Is paying legal judgments just a cost of doing business? Is it even a deterrent to the individuals who cook up such schemes? It should be, given the inconvenience of paying judgments, shutting down a company that may be bankrupt from paying the judgment and legal costs, starting new businesses, etc.

The price is likely to be worse than just financial, and it should cause conspirators to think twice. Your name will be repeated a lot, and not in a good way. In a worse scenario, your depositions will be posted online, and whole groups of people will get together at work to watch them, with bowls of popcorn.

Mark March 29 on your calendar. That’s the date of the court hearing of Halogen’s motion to dismiss SuccessFactors’ claim.

2 Responses to “Fake-company RFQ’s: unethical or actually illegal?”

  1. Bill Laidlaw says:

    Our retail store gets shopped by larger competitors on a regular basis. Is it unethical? If they are taking sales staff away from legitimate customers my answer is yes. Is it illegal? I don’t think so. The few times that boundaries have been overstepped I have made it clear to the perpetrators the steps (Defcon 1) I would take to respond and they have backed off with apologies. My take is larger companies overestimate the value of these supposed proprietary numbers and insights.

  2. Andrew G says:

    There is definitely a sliding scale, legally. At some point, I suppose, a legal line is crossed.

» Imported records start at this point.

Let C_triv : trivIset C. Proof. by case/and3P: C_part. Qed.
Let C_cover : cover C = [set: V]. Proof. by case/and3P: C_part => /eqP. Qed.
Let pblockC v : pblock C v \in C. Proof. by rewrite pblock_mem // C_cover inE. Qed.
Let mem_pblockC v : v \in pblock C v. Proof. by rewrite mem_pblock C_cover inE. Qed.
Let pblockE K v : K \in C -> v \in K -> pblock C v = K. Proof. exact: def_pblock. Qed.
Let mem_clusterE K v : K \in C -> (v \in K) = (pblock C v == K).
Proof. by move=> KC; apply/idP/eqP => [/(pblockE KC)|<-]. Qed.
Let card_cluster_gt0 K : K \in C -> 0 < #|K|.
Proof.
by move=> KC; rewrite card_gt0; apply: contraTneq KC => ->; case/and3P: C_part.
Qed.
Let big_clusters R (idx : R) (op : Monoid.com_law idx) (F : V -> R) :
  \big[op/idx]_v F v = \big[op/idx]_(K in C) \big[op/idx]_(v in K) F v.
Proof. by rewrite -big_trivIset // C_cover; apply: eq_bigl => v; rewrite inE. Qed.

Definition ext_deg u := \sum_v (if pblock C u == pblock C v then 0 else m u v).

Lemma sum_ext_deg_cluster K : K \in C -> \sum_(u in K) ext_deg u = ext m K.
Proof.
move=> KC; apply: eq_bigr => u uK; rewrite big_mkcond; apply: eq_bigr => v _.
by rewrite (pblockE KC uK) inE (mem_clusterE _ KC) eq_sym; case: eqP.
Qed.

Lemma quot_deg_ext K : K \in C -> quot_deg m C K = ext m K.
Proof.
move=> KC; rewrite -sum_ext_deg_cluster // /ext_deg.
under [RHS]eq_bigr do rewrite big_clusters.
rewrite exchange_big; apply: eq_bigr => K' K'C; rewrite /quot_mult.
case: eqP => [<-|K'K].
  by rewrite big1 // => u uK; rewrite big1 // => v vK; rewrite !(pblockE KC) ?eqxx.
apply: eq_bigr => u uK; apply: eq_bigr => v vK.
by rewrite (pblockE KC uK) (pblockE K'C vK); case: eqP.
Qed.

Lemma sum_quot_mult :
  \sum_(K1 in C) \sum_(K2 in C) quot_mult m K1 K2 = \sum_u ext_deg u.
Proof.
rewrite big_clusters; apply: eq_bigr => K KC.
by rewrite sum_ext_deg_cluster // -quot_deg_ext.
Qed.

Lemma sum_weight_cluster K :
  K \in C -> (\sum_(v in K) weight m C v = (ext m K)%:R)%R.
Proof.
move=> KC; rewrite (eq_bigr (fun=> (ext m K)%:R / #|K|%:R)%R); last first.
  by move=> v vK; rewrite /weight (pblockE KC vK).
by rewrite sumr_const -[(_ *+ _)%R]mulr_natr divfK // pnatr_eq0 -lt0n card_cluster_gt0.
Qed.

Lemma sum_weight : (\sum_v weight m C v = (\sum_u ext_deg u)%:R)%R.
Proof.
rewrite [in RHS]big_clusters natr_sum big_clusters.
by apply: eq_bigr => K KC; rewrite sum_weight_cluster // sum_ext_deg_cluster.
Qed.

Hypothesis m_sym : forall u v, m u v = m v u.

Lemma quot_edges_double : (quot_edges m C).*2 = \sum_u ext_deg u.
Proof.
rewrite /quot_edges sum_quot_mult -[RHS]odd_double_half (negbTE (even_sum_sym _ _)) //.
  by move=> u v; rewrite eq_sym m_sym.
by move=> u; rewrite eqxx.
Qed.

Lemma weight_ge0 v : (0 <= weight m C v)%R.
Proof. by rewrite divr_ge0 ?ler0n. Qed.

Lemma sum_weight_le X : (\sum_(v in X) weight m C v <= ((quot_edges m C).*2)%:R)%R.
Proof.
rewrite quot_edges_double -sum_weight [leRHS](bigID (mem X)) /= lerDl.
by rewrite sumr_ge0 // => v _; apply: weight_ge0.
Qed.

Definition cover_avoiding (X : {set V}) := [set v | [disjoint pblock C v & X]].

Lemma sum_weight_ge X r : capacity_le C r ->
  ((\sum_(u in ~: cover_avoiding X) ext_deg u)%:R / r%:R
     <= \sum_(v in X) weight m C v)%R.
Proof.
move=> C_cap; rewrite natr_sum mulr_suml big_mkcond [leRHS]big_mkcond !big_clusters.
apply: ler_sum => K KC; have [KX|KX] := boolP [disjoint K & X].
  rewrite big1 ?sumr_ge0 // => [v _|u uK]; first by case: ifP => // _; apply: weight_ge0.
  by rewrite !inE (pblockE KC uK) KX.
have /set0Pn[x /setIP[xK xX]] : K :&: X != set0 by rewrite setI_eq0.
rewrite (eq_bigr (fun u => (ext_deg u)%:R / r%:R)%R) => [|u uK]; last first.
  by rewrite !inE (pblockE KC uK) KX.
rewrite -mulr_suml -natr_sum sum_ext_deg_cluster // (bigD1 x) //= xX.
apply: (@le_trans _ _ (weight m C x)); last first.
  by rewrite lerDl sumr_ge0 // => v _; case: ifP; rewrite ?weight_ge0.
have K_gt0 := card_cluster_gt0 KC.
rewrite /weight (pblockE KC xK) ler_wpM2l // lef_pV2 ?posrE ?ltr0n ?ler_nat ?C_cap //.
exact: leq_trans K_gt0 (C_cap K KC).
Qed.

Lemma label_block_avoiding X w : w \in cover_avoiding X ->
  label_block (pblock C) (cover_avoiding X) (pblock C w) = pblock C w.
Proof.
rewrite inE => wD; apply/setP => u; rewrite (mem_clusterE _ (pblockC w)) !inE.
by case: eqP => [->|_]; rewrite ?andbF ?andbT.
Qed.

Lemma sum_ext_deg_avoiding_ge d X : quot_min_deg_ge m C d ->
  d * #|pblock C @: cover_avoiding X| <= \sum_(u in cover_avoiding X) ext_deg u.
Proof.
move=> C_deg; rewrite (partition_big_imset (pblock C)) /= mulnC -sum_nat_const.
apply: leq_sum => _ /imsetP[w wD ->].
rewrite (eq_bigl (fun u => u \in pblock C w)) => [|u]; last first.
  by move/setP/(_ u): (label_block_avoiding wD); rewrite inE.
by rewrite sum_ext_deg_cluster // -quot_deg_ext // C_deg.
Qed.

Lemma sum_ext_deg_le D : \sum_(u in D) ext_deg u
  <= cross_edges m (pblock C) D + \sum_(u in ~: D) ext_deg u.
Proof.
rewrite (eq_bigr _ (fun u _ => bigID (mem D) _ _)) big_split leq_add2l /= exchange_big.
rewrite [leqRHS](eq_bigl (fun u => u \notin D)) => [|u]; last by rewrite inE.
apply: leq_sum => v _; rewrite /ext_deg [leqRHS](bigID (mem D)) /=.
apply: leq_trans (leq_addr _ _); apply/eq_leq/eq_big => // u.
by rewrite eq_sym m_sym.
Qed.

Hypothesis C_conn : forall K, K \in C -> connected_in m K.

Lemma cross_edges_avoiding_le c X : bond_cover m c X ->
  cross_edges m (pblock C) (cover_avoiding X)
    <= (c * #|pblock C @: cover_avoiding X|).*2.
Proof.
move=> X_cover; apply: (cross_edges_le m_sym X_cover).
  rewrite disjoint_subset; apply/subsetP => v; rewrite !inE => vD.
  by rewrite (disjointFr vD (mem_pblockC v)).
by move=> _ /imsetP[w wD ->]; rewrite label_block_avoiding //; apply: C_conn.
Qed.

    You can’t take extraordinary steps, let’s say, to sabotage a competitor’s business.

    We already have laws that are usually suitable to handle a lot of situations… you can’t murder your competitors for example :) . But the tort system has to be able to handle business harm beyond the criminal justice system’s capabilities.

    If I am at a party and pour Kra-Z-Glue into my neighbor’s coffee maker, I’ll pay a fine in small claims court, at best.

    If I pour Kra-Z-Glue into a competitor’s manufacturing apparatus, causing $50 million in damage, that will be a different story.

    Cases are complex, each case is unique, and to be sure, most cases of minor competitive intelligence are not only legal, but relatively common.